Сказал так, вздохнул горестно и для прояснения ситуации наскоро рассказал Петьке историю о том, как их родимый генерал вчера в вечеру, почитай, на следующий день после приборки помещения, со своими двумя почти боевыми товарищами день Военно-воздушных сил СССР отметить изволил. О том рассказал, как собрались «наш» и еще два лампасоносца в той самой комнатке неисчерпаемого уюта и, всеми фибрами своих душ отечественному преимуществу в небесах радуясь, за богатым столом это самое преимущество отметить решили.

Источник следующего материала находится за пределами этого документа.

Definition is_H1_inv (N : T -> Prop) (h : T -> R) : Prop :=
  (forall x1 x2, N x1 -> N x2 -> h (mul x1 x2) = h x1 + h x2) /\
  (forall g x, N x -> h (mul (mul g x) (inv g)) = h x).

End GroupDefs.

Fixpoint rsum (f : nat -> R) (n : nat) : R :=
  match n with O => 0 | S m => rsum f m + f m end.

(* dim_R (Q(N)^G / H^1(N)^G) = l : there are psi_0,...,psi_{l-1} in Q(N)^G
   whose classes form a basis of the quotient space (functions on N). *)
Definition quot_dim_eq (T : Type) (mul : T -> T -> T) (inv : T -> T) (e : T)
    (N : T -> Prop) (l : nat) : Prop :=
  exists psi : nat -> T -> R,
    (forall i, (i < l)%nat -> is_Q_inv mul inv e N (psi i)) /\
    (forall phi, is_Q_inv mul inv e N phi ->
       exists (c : nat -> R) (h : T -> R), is_H1_inv mul inv N h /\
         forall x, N x -> phi x = rsum (fun i => c i * psi i x) l + h x) /\
    (forall c : nat -> R,
       (exists h : T -> R, is_H1_inv mul inv N h /\
          forall x, N x -> h x = rsum (fun i => c i * psi i x) l) ->
       forall i, (i < l)%nat -> c i = 0).

Definition Zl (l : nat) : Type := {v : nat -> Z | forall i, (l <= i)%nat -> v i = 0%Z}.

Definition Zl_add {l : nat} (v w : Zl l) : Zl l.
Proof.
  refine (exist _ (fun i => (proj1_sig v i + proj1_sig w i)%Z) _).
  intros i Hi. rewrite (proj2_sig v i Hi), (proj2_sig w i Hi). reflexivity.
Defined.

Fixpoint zsum (f : nat -> Z) (n : nat) : Z :=
  match n with O => 0%Z | S m => (zsum f m + f m)%Z end.

Definition dist1 {l : nat} (v w : Zl l) : R :=
  IZR (zsum (fun i => Z.abs (proj1_sig w i - proj1_sig v i)) l).

(* Bavard duality for [scl_{G,N}]: the stable cost of filling an integral chain on [N]
   by conjugated powers and commutators is a subadditive functional on the free abelian
   group [T -> Z], and Hahn-Banach turns its value at [z] into a G-invariant homogeneous
   quasimorphism [phi] of defect 1 with [scl z <= phi z]; conversely [|psi y| <= 2 D scl y]
   for [psi] of defect [D].  Gaussian elimination gives [psi_1, ..., psi_l] spanning
   [Q(N)^G] freely modulo [H^1(N)^G] together with [z_1, ..., z_l] in [[G,N]] such that
   [psi_i (z_j) = delta_ij] (a quasimorphism vanishing on [[G,N]] is a homomorphism).
   Homomorphisms vanish on [[G,N]], so there Bavard's [phi] equals [sum_i phi (z_i) psi_i],
   and [d_scl] is bi-Lipschitz, up to additive constants, to the l1 distance of the
   coordinates [(psi_i)_i].  Rounding the coordinates gives [sigma], and
   [tau v = prod_j z_j^(v_j)]. *)

From Pilot Require Import Defs.
From Stdlib Require Import Reals.
From Coquelicot Require Import Coquelicot.
Open Scope R_scope.
From Stdlib Require Import ZArith Lia Lra List ClassicalEpsilon FunctionalExtensionality.
From mathcomp Require boolp classical_sets.
Set Implicit Arguments.
Unset Strict Implicit.

(** * Hahn-Banach for integer-valued functions *)

Lemma zorn_premaximal (E : Type) (t0 : E) (Rp : E -> E -> Prop) :
  (forall t, Rp t t) -> (forall r s t, Rp r s -> Rp s t -> Rp r t) ->
  (forall A : E -> Prop, (forall s t, A s -> A t -> Rp s t \/ Rp t s) ->
     exists t, forall s, A s -> Rp s t) ->
  exists t, forall s, Rp t s -> Rp s t.
Proof.
  intros Hrefl Htrans Hchain.
  set (Rb := fun s t => boolp.asbool (Rp s t)).
  assert (HR : forall s t, is_true (Rb s t) <-> Rp s t).
  { intros. split; [apply boolp.asboolW | apply boolp.asboolT]. }
  destruct (@classical_sets.ZL_preorder E t0 Rb) as [t Ht].
  - intro s. now apply HR.
  - intros r s t Hrs Hst. apply HR. apply HR in Hrs, Hst. eauto.
  - intros A Htot. destruct (Hchain A) as [t Ht].
    + intros s t Hs Ht. destruct (Htot s t Hs Ht) as [H|H]; [left|right]; now apply HR.
    + exists t. intros s Hs. apply HR. auto.
  - exists t. intros s Hs. apply HR, Ht, HR, Hs.
Qed.

Definition vadd {X : Type} (a b : X -> Z) : X -> Z := fun x => (a x + b x)%Z.
Definition vopp {X : Type} (a : X -> Z) : X -> Z := fun x => (- a x)%Z.
Definition vzero {X : Type} : X -> Z := fun _ => 0%Z.
Definition vscal {X : Type} (n : Z) (a : X -> Z) : X -> Z := fun x => (n * a x)%Z.

Ltac vext := apply functional_extensionality; intro;
  unfold vadd, vopp, vzero, vscal; lia.

Section ZHahnBanach.
Variable X : Type.

(* [P a r] reads "a can be realized at cost at most r". *)
Variable P : (X -> Z) -> R -> Prop.
Hypothesis P_zero : P vzero 0.
Hypothesis P_zero_ge0 : forall r, P vzero r -> 0 <= r.
Hypothesis P_add : forall a b r s, P a r -> P b s -> P (vadd a b) (r + s).
Hypothesis P_opp : forall a r, P a r -> exists s, P (vopp a) s.

Lemma P_scal a r n : P a r -> P (vscal (Z.of_nat n) a) (INR n * r).
Proof.
  intro H. induction n as [|n IH].
  - replace (vscal (Z.of_nat 0) a) with (@vzero X) by vext. now rewrite Rmult_0_l.
  - replace (vscal (Z.of_nat (S n)) a) with (vadd (vscal (Z.of_nat n) a) a) by vext.
    rewrite S_INR, Rmult_plus_distr_r, Rmult_1_l. now apply P_add.
Qed.

Definition dominated (W : (X -> Z) -> Prop) (f : (X -> Z) -> R) : Prop :=
  W vzero /\ (forall a b, W a -> W b -> W (vadd a b)) /\ (forall a, W a -> W (vopp a)) /\
  (forall a b, W a -> W b -> f (vadd a b) = f a + f b) /\ (forall a r, W a -> P a r -> f a <= r).

Section Extension.
Variables (W : (X -> Z) -> Prop) (f : (X -> Z) -> R).
Hypothesis Hdom : dominated W f.
Variable v : X -> Z.

Lemma dom_zero : W vzero. Proof. apply Hdom. Qed.
Lemma dom_add a b : W a -> W b -> W (vadd a b). Proof. apply Hdom. Qed.
Lemma dom_opp a : W a -> W (vopp a). Proof. apply Hdom. Qed.
Lemma dom_fadd a b : W a -> W b -> f (vadd a b) = f a + f b. Proof. apply Hdom. Qed.
Lemma dom_le a r : W a -> P a r -> f a <= r. Proof. apply Hdom. Qed.

Lemma dom_f0 : f vzero = 0.
Proof.
  pose proof (dom_fadd dom_zero dom_zero) as H.
  replace (vadd vzero vzero) with (@vzero X) in H by vext. lra.
Qed.
Lemma dom_fopp a : W a -> f (vopp a) = - f a.
Proof.
  intro Ha. pose proof (dom_fadd Ha (dom_opp Ha)) as H.
  replace (vadd a (vopp a)) with (@vzero X) in H by vext. rewrite dom_f0 in H. lra.
Qed.
Lemma dom_scal a n : W a -> W (vscal (Z.of_nat n) a) /\ f (vscal (Z.of_nat n) a) = INR n * f a.
Proof.
  intro Ha. induction n as [|n [IH1 IH2]].
  - replace (vscal (Z.of_nat 0) a) with (@vzero X) by vext.
    split; [apply dom_zero | rewrite dom_f0; simpl; ring].
  - replace (vscal (Z.of_nat (S n)) a) with (vadd (vscal (Z.of_nat n) a) a) by vext.
    split; [now apply dom_add | rewrite dom_fadd, IH2, S_INR by auto; ring].
Qed.

(* The admissible values [c] of the extension at [v] lie between [sup lower_bd]
   and [inf upper_bd]. *)
Definition lower_bd (x : R) : Prop := exists w m r, W w /\ (1 <= m)%nat /\
  P (vadd w (vscal (- Z.of_nat m) v)) r /\ x = (f w - r) / INR m.
Definition upper_bd (x : R) : Prop := exists w n r, W w /\ (1 <= n)%nat /\
  P (vadd w (vscal (Z.of_nat n) v)) r /\ x = (r - f w) / INR n.

Lemma lower_le_upper a b : lower_bd a -> upper_bd b -> a <= b.
Proof.
  intros [w1 [m [r1 [Hw1 [Hm [HP1 ->]]]]]] [w2 [n [r2 [Hw2 [Hn [HP2 ->]]]]]].
  pose proof (P_add (P_scal n HP1) (P_scal m HP2)) as HP3.
  replace (vadd (vscal (Z.of_nat n) (vadd w1 (vscal (- Z.of_nat m) v)))
                (vscal (Z.of_nat m) (vadd w2 (vscal (Z.of_nat n) v))))
    with (vadd (vscal (Z.of_nat n) w1) (vscal (Z.of_nat m) w2)) in HP3 by vext.
  destruct (dom_scal n Hw1) as [Ha1 Hb1]. destruct (dom_scal m Hw2) as [Ha2 Hb2].
  pose proof (dom_le (dom_add Ha1 Ha2) HP3) as H. rewrite dom_fadd, Hb1, Hb2 in H by auto.
  assert (0 < INR n) by (apply lt_0_INR; lia). assert (0 < INR m) by (apply lt_0_INR; lia).
  unfold Rdiv. apply Rmult_le_reg_r with (INR m * INR n); [nra|].
  replace ((f w1 - r1) * / INR m * (INR m * INR n)) with (INR n * (f w1 - r1)) by (field; lra).
  replace ((r2 - f w2) * / INR n * (INR m * INR n)) with (INR m * (r2 - f w2)) by (field; lra).
  lra.
Qed.

Lemma upper_bd_inhabited : (exists a, lower_bd a) -> exists b, upper_bd b.
Proof.
  intros [a [w [m [r [Hw [Hm [HPa _]]]]]]]. destruct (P_opp HPa) as [s Hs].
  exists ((s - f (vopp w)) / INR m), (vopp w), m, s. repeat split; auto; [now apply dom_opp|].
  now replace (vadd (vopp w) (vscal (Z.of_nat m) v))
    with (vopp (vadd w (vscal (- Z.of_nat m) v))) by vext.
Qed.

Lemma lower_bd_inhabited : (exists b, upper_bd b) -> exists a, lower_bd a.
Proof.
  intros [b [w [n [r [Hw [Hn [HPb _]]]]]]]. destruct (P_opp HPb) as [s Hs].
  exists ((f (vopp w) - s) / INR n), (vopp w), n, s. repeat split; auto; [now apply dom_opp|].
  now replace (vadd (vopp w) (vscal (- Z.of_nat n) v))
    with (vopp (vadd w (vscal (Z.of_nat n) v))) by vext.
Qed.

Нужно сказать, что из троих собравшихся генералов один бронетанковыми войсками каждый день командовал, второй, тот самый, что в васильковых лампасах козырял, вообще в КГБ служил, и потому, понятное дело, оба отношения к авиации не имели вовсе. «Наш» же генерал хоть и обладал под командованием большим самолетом, но назывался тот «Воздушным командным пунктом» и по большому счету боевым истребителем не являлся, а служил альтернативным штабом главкому, который той упомянутой ставкой войск командовал. Он, главком этот, на самолете командном в случае несчастном, если вдруг, упаси Боже, вся ставка на земле в ядерном пожаре до пепла выгорит, в небеса вознестись должен был и военными действиями из-под самых облаков командовать. «Нашему» же генералу в том летающем штабе устойчивую связь и секретное кодирование главкомовских приказов обеспечить поручено было. Ну и правильно поручено, потому как «наш»-то как раз генералом от секретной связи и являлся. Кодировщикам начальник, шифровальный командир… Ну, то есть так же, как и те двое, танкист с особистом, совсем не авиатор. Но генералы по этому поводу сильно заморачиваться не стали и, потому как до Дня связиста или, допустим, Дня танкиста еще Бог знает сколько, а восемнадцатое августа – вот оно, туточки, решили, что авиация – это все одно родные Вооруженные силы СССР, а потому такой светлый праздник грех не отметить.
Кагэбэшному же генералу, который к Красной армии отношения по признаку исполнения служебных обязанностей и порученных заданий не имел, но с этими двумя издавна дружбу водил, разницы существенной, будь то бронетанковый праздник или День ВДВ, допустим, значения не имело никакого. Главное – это повод и хорошая компания. Компания и вправду подобралась хорошая, а повод совершенно подходящий она же, компания, ему предложила. Так отчего же в таком замечательном случае уважаемому блюстителю государственной безопасности не отметить этот, пусть и не его, но все-таки вполне себе прекрасный праздник? Нет к этому отрицательных поводов! Совершенно отсутствуют. Ну а раз так, прибыл он в ставку строго ко времени оговоренному, дабы со своими невоздухоплавательными товарищами славный день ВВС в уютной обстановке отметить.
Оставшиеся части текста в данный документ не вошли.